Stored data: Begin

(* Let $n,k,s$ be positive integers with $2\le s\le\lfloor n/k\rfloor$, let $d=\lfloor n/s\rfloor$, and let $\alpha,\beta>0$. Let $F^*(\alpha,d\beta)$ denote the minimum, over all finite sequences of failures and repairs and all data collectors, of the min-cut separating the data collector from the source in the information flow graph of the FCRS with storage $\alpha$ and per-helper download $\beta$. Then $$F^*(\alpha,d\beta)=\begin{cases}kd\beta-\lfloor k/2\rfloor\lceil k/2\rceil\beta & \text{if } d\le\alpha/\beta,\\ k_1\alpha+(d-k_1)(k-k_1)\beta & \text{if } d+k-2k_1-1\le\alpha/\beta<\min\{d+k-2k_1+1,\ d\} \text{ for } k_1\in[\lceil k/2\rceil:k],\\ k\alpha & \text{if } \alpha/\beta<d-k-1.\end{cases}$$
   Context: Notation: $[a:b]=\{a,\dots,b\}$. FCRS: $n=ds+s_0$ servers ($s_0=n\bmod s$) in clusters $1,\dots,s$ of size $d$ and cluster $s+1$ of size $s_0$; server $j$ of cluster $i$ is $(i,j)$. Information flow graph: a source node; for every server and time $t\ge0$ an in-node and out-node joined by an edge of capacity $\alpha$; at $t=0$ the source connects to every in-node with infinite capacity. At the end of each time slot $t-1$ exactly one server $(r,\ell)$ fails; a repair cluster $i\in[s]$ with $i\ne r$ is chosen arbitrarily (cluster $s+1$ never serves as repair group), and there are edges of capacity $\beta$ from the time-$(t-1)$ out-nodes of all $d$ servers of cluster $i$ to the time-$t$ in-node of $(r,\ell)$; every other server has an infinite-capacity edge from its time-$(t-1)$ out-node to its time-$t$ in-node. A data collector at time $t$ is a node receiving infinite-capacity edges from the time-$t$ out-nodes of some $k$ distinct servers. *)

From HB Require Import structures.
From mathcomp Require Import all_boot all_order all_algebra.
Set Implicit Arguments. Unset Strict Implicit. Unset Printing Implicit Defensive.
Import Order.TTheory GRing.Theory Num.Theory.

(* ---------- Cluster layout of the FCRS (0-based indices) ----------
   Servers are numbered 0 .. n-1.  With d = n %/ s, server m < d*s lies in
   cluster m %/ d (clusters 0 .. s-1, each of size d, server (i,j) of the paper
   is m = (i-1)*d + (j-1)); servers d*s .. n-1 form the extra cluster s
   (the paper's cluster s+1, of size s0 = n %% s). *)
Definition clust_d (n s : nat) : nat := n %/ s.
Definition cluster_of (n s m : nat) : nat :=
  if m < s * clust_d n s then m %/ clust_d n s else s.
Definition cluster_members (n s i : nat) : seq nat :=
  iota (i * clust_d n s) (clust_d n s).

Stored data: End

Problem statement: Copy out exactly the line holding "Definition cluster_members (n" and each line after it through the end of the entries, and leave out everything else.

Solution for this exercise:
Definition cluster_members (n s i : nat) : seq nat :=
  iota (i * clust_d n s) (clust_d n s).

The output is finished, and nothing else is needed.